2401 Eglin St., Rapid City, SD 57703 |  
(800) 416-8102 | info@nativepartnership.org 

Southwest Reservation Aid®

Service Area: Southwest Reservations (includes AZ, NM, UT, and CA)

The Southwest Reservation Aid® Program provides food, water, health products, and emergency services for Native American Elders, families, and children in need living on reservations in the Southwest. Due to the high rates of poverty, joblessness, and lack of resources in these remote areas, many Native Elders struggle to access the necessities of life. Additionally, Native Americans endure a legacy of healthcare disparities, leading to disproportionate disease rates. SWRA services help to ease some of these hardships. All services involve members from the Tribal communities we serve. These volunteers, along with our Program Partners, give their time and efforts to help their communities and in turn support our vision of strong, self-sufficient Native American communities.  

Services Offered

Elder Nutrition Centers (ENCs) and soup kitchens provide Native American Elders with hot lunches five days a week to ensure healthy, balanced meals. Although the ENCs may receive Federal funding, food supplies often run low by the end of the month, so the SWRA Food Service provides staple foods to help ensure Elders do not go hungry.

  

The SWRA Thanksgiving Service provides Native American Elders with a food box containing a turkey and all the fixings – enough food to feed a family of 6 – so they can enjoy a nutritious and uplifting holiday meal at home without stress.

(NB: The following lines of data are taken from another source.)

(* Let $k$ be a field, $V$ a $k$-vector space, and $\varphi\in\operatorname{End}_k(V)$ a finite potent endomorphism. Then the Drazin inverse $\varphi^D$ of $\varphi$ is a G-Drazin inverse of $\varphi$ if and only if $i(\varphi)\le 1$.
   Context: An endomorphism $\varphi$ of a $k$-vector space $V$ is finite potent if $\varphi^n(V)$ is finite dimensional for some $n$. For such $\varphi$, the AST-decomposition is $V=U_\varphi\oplus W_\varphi$ where $U_\varphi=\{v\in V: \varphi^m(v)=0 \text{ for some } m\}$ and $W_\varphi=\{v\in V: p(\varphi)(v)=0 \text{ for some } p(x)\in k[x] \text{ coprime to } x\}$; $\varphi|_{U_\varphi}$ is nilpotent, $W_\varphi$ is finite dimensional and $\varphi|_{W_\varphi}$ is an automorphism. The index $i(\varphi)$ is the nilpotency order of $\varphi|_{U_\varphi}$. The Drazin inverse $\varphi^D$ is the linear map equal to $(\varphi|_{W_\varphi})^{-1}$ on $W_\varphi$ and to $0$ on $U_\varphi$. An endomorphism $\psi$ is a G-Drazin inverse of $\varphi$ if $\varphi\circ\psi\circ\varphi=\varphi$ and $\psi\circ\varphi^{r}=\varphi^{r}\circ\psi$ with $r=i(\varphi)$. *)

From HB Require Import structures.
From mathcomp Require Import all_boot all_order all_algebra.
Set Implicit Arguments. Unset Strict Implicit. Unset Printing Implicit Defensive.
Import GRing.Theory.
Local Open Scope ring_scope.

Section FinitePotent.
Variables (k : fieldType) (V : lmodType k).

Definition in_span (s : seq V) (v : V) : Prop :=
  exists c : 'I_(size s) -> k, v = \sum_(i < size s) c i *: s`_i.

(* phi^n(V) is finite dimensional (contained in a finitely generated subspace). *)
Definition finite_potent (phi : V -> V) : Prop :=
  exists n : nat, exists s : seq V,
    forall w : V, in_span s (iter n phi w).

Definition poly_endo (p : {poly k}) (phi : V -> V) (v : V) : V :=
  \sum_(i < size p) p`_i *: iter i phi v.

Definition U_sp (phi : V -> V) (v : V) : Prop :=
  exists m : nat, iter m phi v = 0.

Definition W_sp (phi : V -> V) (v : V) : Prop :=
  exists p : {poly k}, coprimep p 'X /\ poly_endo p phi v = 0.

Definition is_index (phi : V -> V) (r : nat) : Prop :=
  (forall u, U_sp phi u -> iter r phi u = 0) /\
  (forall m, (forall u, U_sp phi u -> iter m phi u = 0) -> (r <= m)%N).

Definition is_drazin_inverse (phi psi : V -> V) : Prop :=
  linear psi /\
  (forall u, U_sp phi u -> psi u = 0) /\
  (forall w, W_sp phi w -> W_sp phi (psi w) /\ phi (psi w) = w).

Definition is_G_drazin_inverse (phi psi : V -> V) (r : nat) : Prop :=
  (forall v, phi (psi (phi v)) = phi v) /\
  (forall v, psi (iter r phi v) = iter r phi (psi v)).

End FinitePotent.

(* For every v, finite potency yields a nonzero polynomial killing phi^n v
   (the m + 1 vectors phi^(n+j) v lie in the span of m vectors); removing its
   power of x leaves p coprime to x with p(phi) phi^N v = 0, and a Bezout
   identity a x^N + b p = 1 splits v = b(phi) p(phi) v + a(phi) phi^N v into a
   part of U_phi and a part of W_phi.  If i(phi) <= 1 then phi kills U_phi, so
   phi^D phi v is the W_phi-part of v, and both G-Drazin identities follow.
   If i(phi) >= 2, applying phi phi^D phi = phi to phi^(i-2) u with u in U_phi
   gives phi^(i-1) u = phi phi^D phi^(i-1) u = 0, against the minimality of
   i(phi). *)

From HB Require Import structures.
From mathcomp Require Import all_boot all_order all_algebra.

Set Implicit Arguments. Unset Strict Implicit. Unset Printing Implicit Defensive.
Import GRing.Theory.
Local Open Scope ring_scope.

Section FinitePotentEndomorphism.
Variables (k : fieldType) (V : lmodType k) (phi : {linear V -> V}).
Implicit Types (p q : {poly k}) (u v w : V).

Lemma iter_is_linear n : linear (iter n phi).
Proof. by elim: n => [|n IH] a x y //=; rewrite IH linearP. Qed.

HB.instance Definition _ n :=
  GRing.isLinear.Build k V V *:%R (iter n phi) (iter_is_linear n).

Lemma poly_endo_is_linear p : linear (poly_endo p phi).
Proof.
move=> a x y; rewrite /poly_endo scaler_sumr -big_split /=.
by apply: eq_bigr => i _; rewrite linearP scalerDr !scalerA mulrC.
Qed.

HB.instance Definition _ p :=
  GRing.isLinear.Build k V V *:%R (poly_endo p phi) (poly_endo_is_linear p).

Lemma poly_endo_widen p n v : (size p <= n)%N ->
  poly_endo p phi v = \sum_(i < n) p`_i *: iter i phi v.
Proof.
move=> le_p_n; rewrite /poly_endo.
rewrite (big_ord_widen n (fun i => p`_i *: iter i phi v) le_p_n) big_mkcond.
by apply: eq_bigr => i _; case: ltnP => // le_p_i; rewrite nth_default ?scale0r.
Qed.

Lemma poly_endoD p q v :
  poly_endo (p + q) phi v = poly_endo p phi v + poly_endo q phi v.
Proof.
pose n := maxn (size p) (size q).
rewrite !(poly_endo_widen (n := n)) ?leq_maxl ?leq_maxr //; last first.
  by rewrite (leq_trans (size_polyD _ _)).
by rewrite -big_split; apply: eq_bigr => i _; rewrite coefD scalerDl.
Qed.

Lemma poly_endoZ c p v : poly_endo (c *: p) phi v = c *: poly_endo p phi v.
Proof.
rewrite (poly_endo_widen (n := size p)) ?size_scale_leq // scaler_sumr.
by apply: eq_bigr => i _; rewrite coefZ scalerA.
Qed.

Lemma poly_endoC c v : poly_endo c%:P phi v = c *: v.
Proof.
by rewrite (poly_endo_widen (n := 1)) ?size_polyC_leq1 // big_ord1 coefC.
Qed.

Lemma poly_endoMX p v : poly_endo (p * 'X) phi v = poly_endo p phi (phi v).
Proof.
have le_pX : (size (p * 'X)%R <= (size p).+1)%N.
  by rewrite (leq_trans (size_polyMleq _ _)) // size_polyX addn2.
rewrite (poly_endo_widen _ le_pX) big_ord_recl coefMX /= scale0r add0r.
by apply: eq_bigr => i _; rewrite coefMX /= -iterS iterSr.
Qed.

Lemma poly_endo_phi p v : phi (poly_endo p phi v) = poly_endo p phi (phi v).
Proof.
rewrite /poly_endo linear_sum; apply: eq_bigr => i _.
by rewrite linearZ /= -iterS iterSr.
Qed.

Lemma poly_endoM p q v :
  poly_endo (p * q) phi v = poly_endo p phi (poly_endo q phi v).
Proof.
elim/poly_ind: p q v => [|p c IH] q v.
  by rewrite mul0r -polyC0 !poly_endoC !scale0r.
rewrite mulrDl -mulrA poly_endoD IH poly_endoD poly_endoMX mul_polyC poly_endoZ.
by rewrite poly_endoC mulrC poly_endoMX poly_endo_phi.
Qed.

Lemma poly_endoXn n v : poly_endo 'X^n phi v = iter n phi v.
Proof.
elim: n v => [|n IH] v; first by rewrite expr0 -polyC1 poly_endoC scale1r.
by rewrite exprSr poly_endoMX IH iterSr.
Qed.

Lemma poly_endo_comm p q v :
  poly_endo p phi (poly_endo q phi v) = poly_endo q phi (poly_endo p phi v).
Proof. by rewrite -!poly_endoM mulrC. Qed.

Lemma coprimepX p : coprimep p 'X = ~~ root p 0.
Proof. by rewrite -coprimep_XsubC polyC0 subr0. Qed.

Lemma U_sp_iter n u : U_sp phi u -> U_sp phi (iter n phi u).
Proof. by case=> m Hm; exists m; rewrite -iterD addnC iterD Hm linear0. Qed.

Lemma W_sp_phi w : W_sp phi w -> W_sp phi (phi w).
Proof. by case=> p [cp Hp]; exists p; rewrite -poly_endo_phi Hp linear0. Qed.

Lemma W_spB w1 w2 : W_sp phi w1 -> W_sp phi w2 -> W_sp phi (w1 - w2).
Proof.
case=> p1 [cp1 H1] [p2 [cp2 H2]]; exists (p1 * p2); split.
  by rewrite coprimepMl cp1 cp2.
by rewrite linearB /= !poly_endoM H2 poly_endo_comm H1 linear0 linear0 subrr.
Qed.

Lemma W_sp_phi_eq0 w : W_sp phi w -> phi w = 0 -> w = 0.
Proof.
case=> p [cp pw0] phiw0; move: pw0.
rewrite (poly_endo_widen (n := (size p).+1)) // big_ord_recl.
rewrite big1 ?addr0 => [|i _].
  move: cp; rewrite coprimepX rootE horner_coef0 => /negbTE p0_nz /eqP.
  by rewrite scaler_eq0 p0_nz => /eqP.
by rewrite /= add0n -iterS iterSr phiw0 linear0 scaler0.
Qed.

Lemma in_span_dependent (s : seq V) (f : 'I_(size s).+1 -> V) :
    (forall j, in_span s (f j)) ->
  exists2 x : 'rV[k]_(size s).+1, x != 0 & \sum_j x 0 j *: f j = 0.
Proof.
move=> f_span; have [c Ec] := fin_all_exists f_span.
pose C : 'M[k]_((size s).+1, size s) := \matrix_(j, i) c j i.
have : kermx C != 0 by rewrite kermx_eq0 /row_free ltn_eqF // ltnS rank_leq_col.
case/rowV0Pn => x /sub_kermxP xC0 x_nz; exists x => //.
under eq_bigr do rewrite Ec scaler_sumr.
rewrite exchange_big big1 //= => i _.
have xCi : \sum_j x 0 j * c j i = 0.
  transitivity ((x *m C) 0 i); last by rewrite xC0 mxE.
  by rewrite mxE; apply: eq_bigr => j _; rewrite mxE.
under eq_bigr do rewrite scalerA.
by rewrite -scaler_suml xCi scale0r.
Qed.

Lemma finite_potent_annihilator v : finite_potent phi ->
  exists n q, q != 0 /\ poly_endo q phi (iter n phi v) = 0.
Proof.
case=> n [s span_s].
have [|x x_nz Hx] := @in_span_dependent s (fun j => iter j phi (iter n phi v)).
  by move=> j; rewrite -iterD addnC iterD.
exists n, (rVpoly x); split.
  by apply: contraNneq x_nz => xq0; rewrite -[x]rVpolyK xq0 linear0.
rewrite (poly_endo_widen (n := (size s).+1)) ?size_poly //.
by under eq_bigr do rewrite coef_rVpoly_ord.
Qed.

Lemma annihilator_coprimeX q v : q != 0 -> poly_endo q phi v = 0 ->
  exists n p, coprimep p 'X /\ poly_endo p phi (iter n phi v) = 0.
Proof.
move=> q_nz qv0; have [n [p p0 Eq]] := multiplicity_XsubC q 0.
exists n, p; split; first by rewrite coprimepX (implyP p0).
by rewrite polyC0 subr0 in Eq; rewrite -poly_endoXn -poly_endoM -Eq.
Qed.

Lemma finite_potent_decomp v : finite_potent phi ->
  exists u w, [/\ U_sp phi u, W_sp phi w & v = u + w].
Proof.
move=> fp; have [m [q [q_nz qv0]]] := finite_potent_annihilator v fp.
have [n [p [cpX pv0]]] := annihilator_coprimeX q_nz qv0; rewrite -iterD in pv0.
have /Bezout_eq1_coprimepP [[a b] /= Bezout] : coprimep 'X^(n + m) p.
  by rewrite coprimep_expl // coprimep_sym.
exists (poly_endo (b * p) phi v), (poly_endo (a * 'X^(n + m)) phi v); split.
- exists (n + m)%N; rewrite -poly_endoXn poly_endo_comm !poly_endoM.
  by rewrite poly_endoXn pv0 linear0.
- by exists p; rewrite -poly_endoM mulrCA !poly_endoM poly_endoXn pv0 linear0.
- by rewrite -poly_endoD addrC Bezout -polyC1 poly_endoC scale1r.
Qed.

Lemma index_le1_U_sp_ker r u :
  is_index phi r -> (r <= 1)%N -> U_sp phi u -> phi u = 0.
Proof.
case=> rU _ r_le1 Uu; move: (rU u Uu) r_le1.
by case: r {rU} => [|[|]] //= -> _; rewrite linear0.
Qed.

Section DrazinInverse.
Variable phiD : V -> V.
Hypothesis HD : is_drazin_inverse phi phiD.

Lemma drazin_inverse_phi_W w : W_sp phi w -> phiD (phi w) = w.
Proof.
case: HD => _ [_ phiD_W] Ww; have [WDw phiDw] := phiD_W _ (W_sp_phi Ww).
apply/eqP; rewrite -subr_eq0; apply/eqP/(W_sp_phi_eq0 (W_spB WDw Ww)).
by rewrite linearB /= phiDw subrr.
Qed.

Lemma index_le1_of_drazin_inner_inverse r : is_index phi r ->
  (forall v, phi (phiD (phi v)) = phi v) -> (r <= 1)%N.
Proof.
case: HD => _ [phiD_U _] [_ r_min] phiDphi; case: r r_min => [|[|r]] // r_min.
suff: (r.+2 <= r.+1)%N by rewrite ltnn.
apply: r_min => u Uu; have := phiDphi (iter r phi u).
by rewrite -iterS phiD_U ?linear0 => [<-|]; last exact: U_sp_iter.
Qed.

Lemma G_drazin_of_index_le1 r : finite_potent phi -> is_index phi r ->
  (r <= 1)%N -> is_G_drazin_inverse phi phiD r.
Proof.
case: HD => phiD_lin [phiD_U phiD_W] fp ir r_le1.
have U_ker u : U_sp phi u -> phi u = 0 := index_le1_U_sp_ker ir r_le1.
have phiDD x y : phiD (x + y) = phiD x + phiD y.
  by rewrite -[x]scale1r phiD_lin !scale1r.
split=> v; have [u [w [Uu Ww ->]]] := finite_potent_decomp v fp.
  by rewrite linearD /= (U_ker u) // add0r drazin_inverse_phi_W.
case: r r_le1 {ir} => [|[|]] // _.
rewrite /= linearD /= (U_ker u) // add0r drazin_inverse_phi_W //.
by rewrite phiDD phiD_U // add0r (phiD_W _ Ww).2.
Qed.

End DrazinInverse.
End FinitePotentEndomorphism.

Theorem corollary3p13 (k : fieldType) (V : lmodType k) (phi : {linear V -> V})
  (Hfp : finite_potent phi) (r : nat) (Hr : is_index phi r)
  (phiD : V -> V) (HD : is_drazin_inverse phi phiD) :
  is_G_drazin_inverse phi phiD r <-> (r <= 1)%N.
Proof.
split=> [[inner_inverse _]|].
  exact: (index_le1_of_drazin_inner_inverse HD Hr inner_inverse).
exact: G_drazin_of_index_le1.
Qed.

Indian Health Services (IHS) clinics are inadequate and too distant for many reservation residents to access. In response, Tribal health programs offer preventative care, home health visits, and health education for Tribal members. We support Tribal health partners via the Healthy Living service, impacting the quality of life for 200,000 Native Americans each year with educational materials and incentives such as toilet paper, toothpaste, toothbrushes, lotion, soaps, cleaning supplies and more.

This nutrition-focused capacity building service is designed for professional cooks, cook aids, and local practitioners working in K-12 schools, Elderly Nutrition Centers, and soup kitchens. Designed around a six-month cohort focused on healthy cooking, food as medicine, and Native food history, it equips participants with the knowledge to prepare healthier meals and train others to do the same – building capacity within their communities.

SWRA supports community-wide emergency preparedness efforts to assist Tribal communities with planning, training, preparation, resource, and response strategies to mitigate disasters or environmental emergencies. We also build capacity through training on CPR, First Aid, AED, fire and smoke safety, life skills, and more.

Winters can be brutal on the reservation and access to goods and service is limited which poses an additional problem when emergencies arise. The Winter Box service provides Elders with basic necessities such as non-perishable food, candles, gloves, hats, blankets, water, flashlights, batteries and more to help prepare them for the winter months.

The SWRA Winter Fuel Service assists Native Elders who are at risk of being without heat in the winter by providing vouchers to help lower the cost of their electric, propane, or natural gas bill.

Holiday services through our SWRA program help reservation Program Partners spread holiday cheer at times when many families are experiencing more stress and disenfranchisement. Our holiday stockings for Elders are filled with practical items such as gloves, lotion, soap, crossword puzzles, books, batteries, socks, and more to meet immediate needs and provide relief through the holiday season.

Quotes From Past Recipients

[The donors] don’t know how much it empowers us people, especially someone like me who is a single parent taking on five people in the home and doesn’t get any extra [financial support], but we’re making it. It lets us know there are still people there who care and want to help other people who are less fortunate or are really trying to make it. It’s a helping hand, and it feels nice. Not too many people want to do that. Thank you, I appreciate it so much.

Elena, Fort Yuma

Some of these guys are financially going through a lot, especially when they’re living out in remote areas, and this is their only resource where they can take a shower or get supplies

Queenie, Kayenta Senior Center Arizona

What [donors] give out really helps, and thanks for the donations to the Elders!

Frances, Tohono O’odham Nation

STATS

Only 26% of Native communities are within one mile from a supermarket, compared to 59% of all people living in the U.S. Native Americans are more likely to face hunger.
Food and water shortages exist year-round on the reservations, with 23% of Native families facing food insecurity.
Mainstream news coverage of disasters on the reservation is low, meaning outside aid is slow to come.
30% of the Navajo Nation lacks access to running water and must haul water. 22% can only access water by hauling it.